There’s growing attention to the fight over who governs satellite internet. A piece in Tech Policy Press by Nunes and Teixeria flags how the push for stricter regulatory enforcement, geolocation mandates, terminal disablement, national authorizations, could end up entrenching the very incumbents they aim to constrain. It’s a sharp warning: rules designed to bring satellite operators in line may end up reinforcing consolidation, because only the biggest players can afford the compliance costs.
But there’s a deeper problem that the piece acknowledges but stops short of confronting head-on (because these days we are all about sovereignty) the forum in which this governance is happening, the ITU, is not fit for purpose.

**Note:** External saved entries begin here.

(* Let $A=(a_i^j)$ and $B=(b_i^j)$ be $n\times n$ matrices with all entries in $\{0,1\}$, such that for some $r\in\{1,\dots,n-1\}$, $a_i^j=b_i^j=0$ whenever $j-i\ne r$. Let $\xi>0$. If there exists an invertible matrix $C$ with $\|C\|,\|C^{-1}\|\le\xi$ and $\|AC-CB\|=\varepsilon<\frac{1}{n!\,\xi^n}$, then $\mathrm{rank}\,A=\mathrm{rank}\,B$.
   Context: $\|\cdot\|$ is the operator norm on $n\times n$ complex matrices; $a_i^j$ is the entry in row $i$, column $j$. *)

From HB Require Import structures.
From mathcomp Require Import all_boot all_order all_algebra.
From mathcomp Require Import complex.
From mathcomp Require Import classical_sets reals.
Set Implicit Arguments. Unset Strict Implicit. Unset Printing Implicit Defensive.
Import Order.TTheory GRing.Theory Num.Theory.
Local Open Scope ring_scope.
Local Open Scope classical_set_scope.

Definition vnorm (R : realType) (n : nat) (x : 'cV[R[i]]_n) : R :=
  Num.sqrt (\sum_(i < n) ((complex.Re (x i 0)) ^+ 2 + (complex.Im (x i 0)) ^+ 2)).

Definition opnorm (R : realType) (n : nat) (M : 'M[R[i]]_n) : R :=
  sup [set vnorm (M *m x) | x in [set x : 'cV[R[i]]_n | vnorm x <= 1]].

(* A 0/1 matrix supported on a single diagonal has at most one 1 in each row
   and column, so it is a partial isometry: A A^* A = A.  For a partial
   isometry the projection P = A^* A has rank rank A and A is isometric on
   its range.  If rank X < rank A, the range of P meets ker X in some x <> 0,
   and then |x| = |A x| = |(A - X) x| <= ||A - X|| |x|, so ||A - X|| >= 1.
   Apply this to X = C B C^-1, where A - X = (A C - C B) C^-1, and
   symmetrically to B and C^-1 A C: both differences have norm at most
   eps xi, and eps xi < 1 because xi >= 1 (from 1 <= ||C|| ||C^-1|| <= xi^2),
   which is all that is used of the bound eps < 1 / (n! xi^n). *)

From HB Require Import structures.
From mathcomp Require Import all_boot all_order all_algebra.
From mathcomp Require Import complex.
From mathcomp Require Import classical_sets reals.
From mathcomp Require Import lra zify.
Set Implicit Arguments. Unset Strict Implicit. Unset Printing Implicit Defensive.
Import Order.TTheory GRing.Theory Num.Theory.
Local Open Scope ring_scope.
Local Open Scope sesquilinear_scope.

Section VectorNorm.
Variables (R : realType) (n : nat).
Implicit Types x y : 'cV[R[i]]_n.

Lemma vnormE x : vnorm x = Num.sqrt (\sum_i complex.Re (`|x i 0| ^+ 2)).
Proof. by congr Num.sqrt; apply: eq_bigr => i _; rewrite -add_Re2_Im2. Qed.

Lemma vnorm_ge0 x : 0 <= vnorm x.
Proof. exact: sqrtr_ge0. Qed.

Lemma sqr_vnorm x : (vnorm x)%:C%C ^+ 2 = \sum_i `|x i 0| ^+ 2.
Proof.
rewrite -rmorphXn sqr_sqrtr; last by apply: sumr_ge0 => i _; rewrite addr_ge0 ?sqr_ge0.
by rewrite rmorph_sum; apply: eq_bigr => i _; rewrite /= add_Re2_Im2.
Qed.

Lemma sqr_vnorm_mx x : (vnorm x)%:C%C ^+ 2 = (x^t* *m x) 0 0.
Proof. by rewrite sqr_vnorm mxE; apply: eq_bigr => i _; rewrite normCK mulrC !mxE. Qed.

Lemma normr_le_vnorm x i : `|x i 0| <= (vnorm x)%:C%C.
Proof.
rewrite -(ler_pXn2r (isT : 0 < 2)%N) ?nnegrE ?normr_ge0 ?ler0c ?vnorm_ge0 //.
by rewrite sqr_vnorm (bigD1 i) //= lerDl sumr_ge0 // => k _; rewrite exprn_ge0.
Qed.

Lemma ler_vnorm x y : (forall i, `|x i 0| <= `|y i 0|) -> vnorm x <= vnorm y.
Proof.
move=> le_xy; rewrite !vnormE ler_wsqrtr // ler_sum // => i _.
have : `|x i 0| ^+ 2 <= `|y i 0| ^+ 2 by apply: lerXn2r; rewrite ?nnegrE.
by rewrite lecE => /andP[].
Qed.

Lemma eq_vnorm x y : (forall i, `|x i 0| = `|y i 0|) -> vnorm x = vnorm y.
Proof. by move=> eq_xy; apply/le_anti; rewrite !ler_vnorm // => i; rewrite eq_xy. Qed.

Lemma vnormN x : vnorm (- x) = vnorm x.
Proof. by apply: eq_vnorm => i; rewrite mxE normrN. Qed.

Lemma vnorm0 : vnorm (0 : 'cV[R[i]]_n) = 0.
Proof. by rewrite vnormE big1 ?sqrtr0 // => i _; rewrite mxE normr0 expr0n. Qed.

Lemma vnormZ (a : R) x : vnorm (a%:C%C *: x) = `|a| * vnorm x.
Proof.
rewrite !vnormE -sqrtr_sqr -sqrtrM ?sqr_ge0 // mulr_sumr.
congr Num.sqrt; apply: eq_bigr => i _.
rewrite mxE normrM exprMn -(add_Re2_Im2 a%:C%C) /= expr0n addr0.
by rewrite !(mul0r, subr0).
Qed.

Lemma vnorm_gt0 x : x != 0 -> 0 < vnorm x.
Proof.
rewrite vnormE sqrtr_gt0; apply: contraNT; rewrite -leNgt => sum_le0.
apply/eqP/matrixP => i j; rewrite (ord1 j) mxE.
have Re_ge0 k : 0 <= complex.Re (`|x k 0| ^+ 2).
  by rewrite -lecR RRe_real ?realX ?normr_real // exprn_ge0.
have /eqP : complex.Re (`|x i 0| ^+ 2) = 0.
  apply: (psumr_eq0P (P := xpredT) (fun k _ => Re_ge0 k)) => //.
  by apply/le_anti; rewrite sum_le0 sumr_ge0.
rewrite -(inj_eq (@complexI _)) RRe_real ?realX ?normr_real //.
by rewrite expf_eq0 normr_eq0 => /eqP.
Qed.

End VectorNorm.

Section OperatorNorm.
Local Open Scope classical_set_scope.
Variables (R : realType) (n : nat).
Implicit Types (M N : 'M[R[i]]_n) (x : 'cV[R[i]]_n).

Let image_unit_ball M := [set vnorm (M *m x) | x in [set x | vnorm x <= 1]].

Lemma opnorm_has_ubound M : has_ubound (image_unit_ball M).
Proof.
exists (vnorm (\col_i \sum_j `|M i j|)) => _ [x x_le1 <-].
apply: ler_vnorm => i; rewrite !mxE [X in _ <= X]ger0_norm ?sumr_ge0 //.
rewrite (le_trans (ler_norm_sum _ _ _)) // ler_sum // => j _.
rewrite normrM ler_piMr // (le_trans (normr_le_vnorm x j)) //.
by rewrite -[1]/(1%:C%C) lecR.
Qed.

Lemma opnorm_ge0 M : 0 <= opnorm M.
Proof.
apply: (ub_le_sup (opnorm_has_ubound M)); exists 0; first by rewrite /= vnorm0 ler01.
by rewrite mulmx0 vnorm0.
Qed.

Lemma vnorm_mulmx_le M x : vnorm (M *m x) <= opnorm M * vnorm x.
Proof.
have [->|x_neq0] := eqVneq x 0; first by rewrite mulmx0 vnorm0 mulr0.
have x_gt0 := vnorm_gt0 x_neq0.
pose u := (vnorm x)^-1%:C%C *: x.
have u_le1 : vnorm u <= 1 by rewrite vnormZ ger0_norm ?invr_ge0 ?vnorm_ge0 // mulVf ?gt_eqF.
have := ub_le_sup (opnorm_has_ubound M) (ex_intro2 _ _ u u_le1 erefl).
rewrite -scalemxAr vnormZ ger0_norm ?invr_ge0 ?vnorm_ge0 //.
by rewrite ler_pdivrMl // mulrC.
Qed.

Lemma opnorm_le M k :
  0 <= k -> (forall x, vnorm (M *m x) <= k * vnorm x) -> opnorm M <= k.
Proof.
move=> k_ge0 Mk; apply: ge_sup; first by exists (vnorm (M *m 0)), 0; rewrite /= ?vnorm0.
by move=> _ [x x_le1 <-]; rewrite (le_trans (Mk x)) // ler_piMr.
Qed.

Lemma opnormM M N : opnorm (M *m N) <= opnorm M * opnorm N.
Proof.
apply: opnorm_le => [|x]; first by rewrite mulr_ge0 ?opnorm_ge0.
rewrite -mulmxA (le_trans (vnorm_mulmx_le _ _)) // -mulrA ler_wpM2l ?opnorm_ge0 //.
exact: vnorm_mulmx_le.
Qed.

Lemma opnormN M : opnorm (- M) = opnorm M.
Proof.
suff opnormN_le N : opnorm (- N) <= opnorm N.
  by apply/le_anti; rewrite opnormN_le -{1}[M]opprK opnormN_le.
by apply: opnorm_le (opnorm_ge0 N) _ => x; rewrite mulNmx vnormN vnorm_mulmx_le.
Qed.

Lemma opnorm_mulmx_invmx_ge1 (C : 'M[R[i]]_n) :
  (0 < n)%N -> C \in unitmx -> 1 <= opnorm C * opnorm (invmx C).
Proof.
move=> n_gt0 C_unit; pose x : 'cV[R[i]]_n := const_mx 1.
have x_neq0 : x != 0.
  by apply/eqP => /matrixP/(_ (Ordinal n_gt0) 0)/eqP; rewrite !mxE oner_eq0.
have := vnorm_mulmx_le (C *m invmx C) x; rewrite {1}mulmxV // mul1mx => le_x.
rewrite -(ler_pM2r (vnorm_gt0 x_neq0)) mul1r (le_trans le_x) //.
by rewrite ler_wpM2r ?vnorm_ge0 ?opnormM.
Qed.

End OperatorNorm.

Lemma idempotent_fixed_in_ker (F : fieldType) n (P D : 'M[F]_n) :
  P *m P = P -> (\rank D < \rank P)%N ->
  exists x : 'cV[F]_n, [/\ x != 0, P *m x = x & D *m x = 0].
Proof.
(* In row vectors: rank P^T + rank (kermx D^T) = rank P + n - rank D > n. *)
move=> PP rkDP; have : (P^T :&: kermx D^T)%MS != 0.
  rewrite -mxrank_eq0 -lt0n.
  have := mxrank_sum_cap P^T (kermx D^T); rewrite mxrank_ker !mxrank_tr.
  have := rank_leq_col (P^T + kermx D^T)%MS; lia.
case/rowV0Pn => v; rewrite sub_capmx => /andP[/submxP [w ->] /sub_kermxP vD] v_neq0.
exists (w *m P^T)^T; split.
- by rewrite trmx_eq0.
- by rewrite -[P in P *m _]trmxK -trmx_mul -mulmxA -trmx_mul PP.
- by rewrite -[D]trmxK -trmx_mul vD trmx0.
Qed.

Section PartialIsometry.
Variables (R : realType) (n : nat) (A : 'M[R[i]]_n).
Hypothesis A_partial_isometry : A *m A^t* *m A = A.

Let P := A^t* *m A.

Lemma partial_isometry_idem : P *m P = P.
Proof. by rewrite /P -mulmxA (mulmxA A) A_partial_isometry. Qed.

Lemma partial_isometry_rank : \rank P = \rank A.
Proof.
apply/eqP; rewrite eqn_leq mxrankM_maxr /=.
by rewrite -{1}A_partial_isometry -mulmxA mxrankM_maxr.
Qed.

Lemma partial_isometry_vnorm x : P *m x = x -> vnorm (A *m x) = vnorm x.
Proof.
move=> Px; apply: complexI; apply/eqP.
rewrite -(eqrXn2 (isT : 0 < 2)%N) ?ler0c ?vnorm_ge0 // !sqr_vnorm_mx.
by rewrite trmx_mul map_mxM -mulmxA (mulmxA _ A) -/P Px.
Qed.

Lemma partial_isometry_rank_le X : opnorm (A - X) < 1 -> (\rank A <= \rank X)%N.
Proof.
move=> AX_lt1; rewrite leqNgt; apply/negP => rkXA.
have [|x [x_neq0 Px Xx]] := idempotent_fixed_in_ker partial_isometry_idem (D := X).
  by rewrite partial_isometry_rank.
have := vnorm_mulmx_le (A - X) x; rewrite mulmxBl Xx subr0 partial_isometry_vnorm //.
by rewrite -[X in X <= _]mul1r ler_pM2r ?vnorm_gt0 // leNgt AX_lt1.
Qed.

End PartialIsometry.

Section PartialPermutation.
Variables (F : pzRingType) (m n : nat) (A : 'M[F]_(m, n)).
Hypothesis A01 : forall i j, A i j = 0 \/ A i j = 1.
Hypothesis A_row_inj : forall i j k, A i j != 0 -> A i k != 0 -> j = k.
Hypothesis A_col_inj : forall i k j, A i j != 0 -> A k j != 0 -> i = k.

Lemma partial_perm_trmx_mul : A^T *m A = diag_mx (\row_j \sum_i A i j).
Proof.
apply/matrixP => j k; rewrite !mxE; under eq_bigr => i _ do rewrite mxE.
have [<-|njk] := eqVneq j k; rewrite ?mulr1n ?mulr0n.
  by apply: eq_bigr => i _; case: (A01 i j) => ->; rewrite ?mul0r ?mulr1.
apply: big1 => i _; have [->|Aij_neq0] := eqVneq (A i j) 0; first by rewrite mul0r.
have [->|Aik_neq0] := eqVneq (A i k) 0; first by rewrite mulr0.
by case/eqP: njk; apply: A_row_inj Aij_neq0 Aik_neq0.
Qed.

Lemma partial_perm_mul_trmx_mul : A *m A^T *m A = A.
Proof.
rewrite -mulmxA partial_perm_trmx_mul; apply/matrixP => i j; rewrite mul_mx_diag !mxE.
have [->|Aij_neq0] := eqVneq (A i j) 0; first by rewrite mul0r.
rewrite (bigD1 i) //= big1 ?addr0 => [|k k_neq_i].
  by case: (A01 i j) Aij_neq0 => ->; rewrite ?eqxx // mulr1.
have [//|Akj_neq0] := eqVneq (A k j) 0.
by rewrite (A_col_inj Akj_neq0 Aij_neq0) eqxx in k_neq_i.
Qed.

End PartialPermutation.

Lemma single_diagonal_partial_isometry (R : realType) n (r : int) (A : 'M[R[i]]_n) :
  (forall i j, A i j = 0 \/ A i j = 1) ->
  (forall i j : 'I_n, j%:Z - i%:Z != r -> A i j = 0) ->
  A *m A^t* *m A = A.
Proof.
move=> A01 A_diag.
have A_supp i j : A i j != 0 -> j%:Z - i%:Z = r by apply: contraNeq => /A_diag ->.
have -> : A^t* = A^T.
  by apply/matrixP => i j; rewrite !mxE; case: (A01 j i) => ->; rewrite ?conjC0 ?conjC1.
apply: partial_perm_mul_trmx_mul => // [i j k | i k j] /A_supp + /A_supp => ? ?.
  all: by apply/ord_inj; lia.
Qed.

Lemma mxrank_conj (F : fieldType) n (C X : 'M[F]_n) :
  C \in unitmx -> \rank (C *m X *m invmx C) = \rank X.
Proof.
move=> C_unit; rewrite mxrankMfree ?row_free_unit ?unitmx_inv //.
by rewrite (eqmxMfull X _) ?row_full_unit.
Qed.

Lemma mul_lt1_of_lt_inv_fact (R : realFieldType) n (xi eps : R) :
  (0 < n)%N -> 1 <= xi -> 0 <= eps -> eps < 1 / (n`!%:R * xi ^+ n) -> eps * xi < 1.
Proof.
move=> n_gt0 xi_ge1 eps_ge0; have xi_gt0 : 0 < xi by apply: lt_le_trans xi_ge1.
have xi_le : xi <= n`!%:R * xi ^+ n.
  by rewrite -[xi in xi <= _]mul1r ler_pM ?ler1n ?fact_gt0 ?ler_eXnr ?(ltW xi_gt0).
rewrite ltr_pdivlMr ?mul1r ?(lt_le_trans xi_gt0) // => lt1.
exact: le_lt_trans (ler_wpM2l eps_ge0 xi_le) lt1.
Qed.

Theorem lemma22 (R : realType) (n r : nat) (A B C : 'M[R[i]]_n) (xi eps : R) :
  (forall i j, A i j = 0 \/ A i j = 1) ->
  (forall i j, B i j = 0 \/ B i j = 1) ->
  (1 <= r < n)%N ->
  (forall i j : 'I_n, (j%:Z - i%:Z != r%:Z)%R -> A i j = 0 /\ B i j = 0) ->
  0 < xi ->
  C \in unitmx ->
  opnorm C <= xi ->
  opnorm (invmx C) <= xi ->
  opnorm (A *m C - C *m B) = eps ->
  eps < 1 / ((n`!)%:R * xi ^+ n) ->
  \rank A = \rank B.
Proof.
move=> A01 B01 /andP[_ r_lt_n] AB_diag xi_gt0 C_unit C_le Cinv_le E_eq eps_lt.
have n_gt0 : (0 < n)%N by apply: leq_ltn_trans r_lt_n.
have A_pi := single_diagonal_partial_isometry A01 (fun i j ij => (AB_diag i j ij).1).
have B_pi := single_diagonal_partial_isometry B01 (fun i j ij => (AB_diag i j ij).2).
have xi_ge1 : 1 <= xi.
  have := opnorm_mulmx_invmx_ge1 n_gt0 C_unit.
  have := opnorm_ge0 C; have := opnorm_ge0 (invmx C); nra.
have eps_ge0 : 0 <= eps by rewrite -E_eq opnorm_ge0.
have eps_xi_lt1 : eps * xi < 1 by apply: mul_lt1_of_lt_inv_fact eps_lt.
apply/eqP; rewrite eqn_leq; apply/andP; split.
  rewrite -(mxrank_conj B C_unit); apply: (partial_isometry_rank_le A_pi).
  have -> : A - C *m B *m invmx C = (A *m C - C *m B) *m invmx C.
    by rewrite mulmxBl mulmxK.
  rewrite (le_lt_trans (opnormM _ _)) // E_eq (le_lt_trans _ eps_xi_lt1) //.
  by rewrite ler_wpM2l.
rewrite -(@mxrank_conj _ _ (invmx C) A) ?unitmx_inv // invmxK.
apply: (partial_isometry_rank_le B_pi).
have -> : B - invmx C *m A *m C = - (invmx C *m (A *m C - C *m B)).
  by rewrite mulmxBr !mulmxA mulVmx // mul1mx opprB.
rewrite opnormN (le_lt_trans (opnormM _ _)) // E_eq (le_lt_trans _ eps_xi_lt1) //.
by rewrite mulrC ler_wpM2l.
Qed.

I wrote about this in a piece a few years ago at Digital Medusa. The case of Iran’s complaint against Starlink is not just a technical dispute about terminals and spectrum. Iran also did not bring novel arguments to win the case. That case is a clear illustration of how an intergovernmental, closed-door body like the ITU can be leveraged by states to assert sovereign control over infrastructure and, in the process, fragment what should be a global, open communications network.
Let’s be clear: the ITU’s Radio Regulations Board made no effort to consider access to information, user rights, or the legitimacy of the state in question to deny connectivity to its people. It accepted the state’s framing of “unauthorized use” without interrogating the underlying human rights implications. And it did so in a process with no participation from civil society, no transparency, and no accountability.
The authors warn us that requiring satellite operators to geofence, block, or shut off terminals country by country will lead to two outcomes: (1) a regulatory framework that only a handful of massive operators can navigate, and (2) a more fragmented Internet where access depends on the state’s blessing. I agree, but we have to push this further. It’s not just about competition and scale. It’s about who decides.
Governance of global satellite infrastructure cannot be left to a body where only states have a voice, and where those voices include regimes with long records of censorship, shutdowns, and repression. Satellite internet, like DNS and other layers of infrastructure, has profound political and human rights consequences. The ITU is structured in a way that obscures those consequences. It treats governance as a purely technical matter of spectrum coordination, but it is not. When a government demands the right to block signals over its territory, it is not just managing radio frequencies. It is controlling information access.
We need a governance framework for satellite internet that:
Treats human rights safeguards as foundational, not optional
Involves affected users, civil society, technical experts, and underrepresented regions
Doesn’t reward incumbents simply because they’re best equipped to jump through sovereign hoops
That means moving away from treaty-based, state-centric institutions like the ITU as the default venue for resolving these disputes. Multistakeholder governance isn’t a feel-good alternative. It’s a necessity if we want a satellite internet that serves people, not just states or shareholders.
Satellite Internet holds real potential for expanding access, especially in places where terrestrial infrastructure is censored or broken. But it will only live up to that potential if we govern it in ways that reflect openness, rights, and legitimacy.
The ITU cannot deliver that on its own. It’s time we stopped pretending it could.